Following the election of 1841, Whigs controlled the state House of Representatives, but Democrats held onto the state senate by a 13 to 12 margin. One of the first tasks of the new government was to fill the U.S. Senate seats left vacant by the resignations of Alexander O. Anderson and Alfred O. P. Nicholson. Democrats demanded one of the two seats go to a Democrat, a request the Whigs rejected. The 13 Democrats in the state senate, who became known as the "Immortal Thirteen," refused to allow a joint session of the legislature (where Whigs, who controlled the House, would have a numerical majority) to choose the replacement senators, and Tennessee thus had no representation in the U.S. Senate for most of 1842 and 1843. Though the government was mostly gridlocked by the Immortal Thirteen during Jones's first term, it did manage to enact debt reform legislation in 1842.

In the election of 1843, Polk canvassed the state extensively in hopes of taking back the governor's office, but he was again unsuccessful. Furthermore, Whigs gained control of the state senate, ending the "Immortal Thirteen" gridlock, and two Whigs were appointed to the state's U.S. Senate seats.
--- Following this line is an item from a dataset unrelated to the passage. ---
(* $\mathtt{RealTime_{CA}}\subseteq\mathtt{pred}$-$\mathtt{ESO}$-$\mathtt{HORN}$: for every cellular automaton $\mathcal A$ with parallel input, neighborhood $\{-1,0,1\}$ and first cell as output cell, there is a predecessor Horn formula $\Phi$ such that for all $w\in\Sigma^+$, $\mathcal A$ accepts $w$ in real time if and only if $\langle w\rangle\models\Phi$.
   Context: Fix a finite alphabet $\Sigma$. A nonempty word $w=w_1\cdots w_n$ is represented by the structure $\langle w\rangle=([1,n];(Q_s)_{s\in\Sigma},\mathtt{min},\mathtt{max},\mathtt{suc},\mathtt{pred})$ with $Q_s(i)\iff w_i=s$, $\mathtt{min}(i)\iff i=1$, $\mathtt{max}(i)\iff i=n$, $\mathtt{suc}(i)=\min(i+1,n)$, $\mathtt{pred}(i)=\max(i-1,1)$; $x-k$ denotes $\mathtt{pred}^k(x)$. A predecessor Horn formula is $\Phi=\exists\mathbf{R}\forall x\forall y\,\psi(x,y)$, $\mathbf{R}$ a finite set of binary relation symbols, $\psi$ a conjunction of Horn clauses in $x,y$, each of the form $\delta_1\wedge\cdots\wedge\delta_r\to\delta_0$ with $\delta_0$ an atom $R(x,y)$ ($R\in\mathbf{R}$) or $\bot$, each hypothesis being one of: $Q_s(x-a)$, $Q_s(y-a)$ ($s\in\Sigma$, $a\ge0$); $U(x-a)$, $\neg U(x-a)$, $U(y-a)$, $\neg U(y-a)$ ($U\in\{\mathtt{min},\mathtt{max}\}$, $a\ge0$); $S(x-a,y-b)$ or $S(y-b,x-a)$ ($S\in\mathbf{R}$, $a,b\ge0$). $\mathtt{pred}$-$\mathtt{ESO}$-$\mathtt{HORN}$ is the class of languages $\{w\in\Sigma^+:\langle w\rangle\models\Phi\}$. A cellular automaton is $(Q,\Sigma,Q_{accept},\mathcal N,\delta)$ with finite $Q\supseteq\Sigma$, $Q_{accept}\subseteq Q$, finite ordered neighborhood $\mathcal N\subseteq\mathbb Z$, $\delta:Q^{|\mathcal N|}\to Q$. On input $w$ of length $n$ it uses cells $1,\dots,n$, cells outside being permanently in a state $\sharp$; with parallel input $\langle c,1\rangle=w_c$ and $\langle c,t\rangle=\delta(\langle c+v,t-1\rangle:v\in\mathcal N)$ for $t>1$. With $\mathcal N=\{-1,0,1\}$ and output cell $1$, $\mathcal A$ accepts $w$ in real time iff $\langle 1,n\rangle\in Q_{accept}$; $\mathtt{RealTime_{CA}}$ is the class of languages so accepted. *)

From Stdlib Require List.
From mathcomp Require Import all_boot.
Set Implicit Arguments. Unset Strict Implicit. Unset Printing Implicit Defensive.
Jones's second term saw the establishment of a state school for the blind in Nashville and a school for the deaf in Knoxville. In 1843, Nashville, which had been serving as the temporary capital of the state for years (as had several other places before it), was officially selected as the state's permanent capital. The cornerstone for the Tennessee State Capitol was laid while Jones was still governor.

==U.S. Senate and later life==
Jones did not seek a third term, choosing instead to accept an offer to become president of the Memphis and Charleston Railroad. He was an elector for Zachary Taylor in the U.S. presidential election of 1848.

In 1851, the state legislature chose Jones to replace Hopkins L. Turney in the U.S. Senate. Jones supported Winfield Scott in the presidential election of 1852, but afterward began to drift apart from the Whig Party, which was imploding over the issue of slavery. In 1854, he railed against northern Whigs for refusing to support the Kansas-Nebraska Act. After the collapse of the Whig Party, Jones refused to join the American Party with other southern Whigs, and supported James Buchanan in the 1856 presidential election. He endorsed Stephen Douglas in the election of 1860.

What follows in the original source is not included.